Problem to work on: Starting with the line containing "apply lsum_eq_support; auto." and going on through the line containing "induction l as [|a l IH].", return the lines of the data below exactly, and only those.
━━━ Source data ━━━
Lemma lsum_le_support f l1 l2 :
  NoDup l1 -> NoDup l2 -> (forall z, 0 <= f z) ->
  (forall z, f z <> 0 -> In z l1 -> In z l2) ->
  lsum f l1 <= lsum f l2.
Proof.
  revert l2. induction l1 as [|a l1 IH]; intros l2 N1 N2 Hp H1.
  - apply lsum_nonneg; auto.
  - inversion N1; subst. rewrite lsum_cons.
    destruct (classic (f a = 0)) as [Fa|Fa].
    + rewrite Fa, Rplus_0_l. apply IH; auto. intros z Hz Hin. apply H1; simpl; auto.
    + destruct (in_split a l2 (H1 a Fa (or_introl eq_refl))) as [la [lb ->]].
      rewrite lsum_app, lsum_cons.
      assert (lsum f l1 <= lsum f (la ++ lb)); [|rewrite lsum_app in *; lra].
      apply IH; auto.
      * eapply NoDup_remove_1; eauto.
      * intros z Hz Hin. assert (Hz' : In z (la ++ a :: lb)) by (apply H1; simpl; auto).
        apply in_app_or in Hz'. apply in_or_app. destruct Hz' as [?|[<-|?]]; auto. contradiction.
Qed.

Lemma lsum_eq_support f l1 l2 :
  NoDup l1 -> NoDup l2 ->
  (forall z, f z <> 0 -> In z l1 -> In z l2) ->
  (forall z, f z <> 0 -> In z l2 -> In z l1) ->
  lsum f l1 = lsum f l2.
Proof.
  revert l2. induction l1 as [|a l1 IH]; intros l2 N1 N2 H1 H2.
  - symmetry. apply lsum_zero. intros x Hx. apply NNPP; intro Hf. apply (H2 x Hf Hx).
  - inversion N1; subst. rewrite lsum_cons.
    destruct (classic (f a = 0)) as [Fa|Fa].
    + rewrite Fa, Rplus_0_l. apply IH; auto.
      * intros z Hz Hin. apply H1; simpl; auto.
      * intros z Hz Hin. destruct (H2 z Hz Hin) as [<-|?]; [contradiction|auto].
    + destruct (in_split a l2 (H1 a Fa (or_introl eq_refl))) as [la [lb ->]].
      rewrite lsum_app, lsum_cons, (IH (la ++ lb)), lsum_app; [lra|auto| | |].
      * eapply NoDup_remove_1; eauto.
      * intros z Hz Hin. assert (Hz' : In z (la ++ a :: lb)) by (apply H1; simpl; auto).
        apply in_app_or in Hz'. apply in_or_app. destruct Hz' as [?|[<-|?]]; auto. contradiction.
      * intros z Hz Hin. assert (Hz' : In z (a :: l1)).
        { apply H2; auto. apply in_app_or in Hin; apply in_or_app; simpl; tauto. }
        destruct Hz' as [<-|?]; auto. exfalso. exact (NoDup_remove_2 _ _ _ N2 Hin).
Qed.

Lemma lsum_single_support f l x :
  NoDup l -> In x l -> (forall z, f z <> 0 -> z = x) -> lsum f l = f x.
Proof.
  intros N Hx H. transitivity (lsum f [x]); [|unfold lsum; simpl; ring].
  apply lsum_eq_support; auto.
  - repeat constructor; intros [].
  - intros z Hz _. rewrite (H z Hz). now left.
  - intros z Hz _. now rewrite (H z Hz).
Qed.

End ListSums.

Lemma lsum_swap {A B : Type} (F : A -> B -> R) (l : list A) (l' : list B) :
  lsum (fun x => lsum (F x) l') l = lsum (fun y => lsum (fun x => F x y) l) l'.
Proof.
  induction l as [|a l IH].
  - symmetry; now apply lsum_zero.
  - rewrite lsum_cons, IH, <- lsum_plus. reflexivity.
Qed.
━━━
Answer for the task:
  apply lsum_eq_support; auto.
  - repeat constructor; intros [].
  - intros z Hz _. rewrite (H z Hz). now left.
  - intros z Hz _. now rewrite (H z Hz).
Qed.

End ListSums.

Lemma lsum_swap {A B : Type} (F : A -> B -> R) (l : list A) (l' : list B) :
  lsum (fun x => lsum (F x) l') l = lsum (fun y => lsum (fun x => F x y) l) l'.
Proof.
  induction l as [|a l IH].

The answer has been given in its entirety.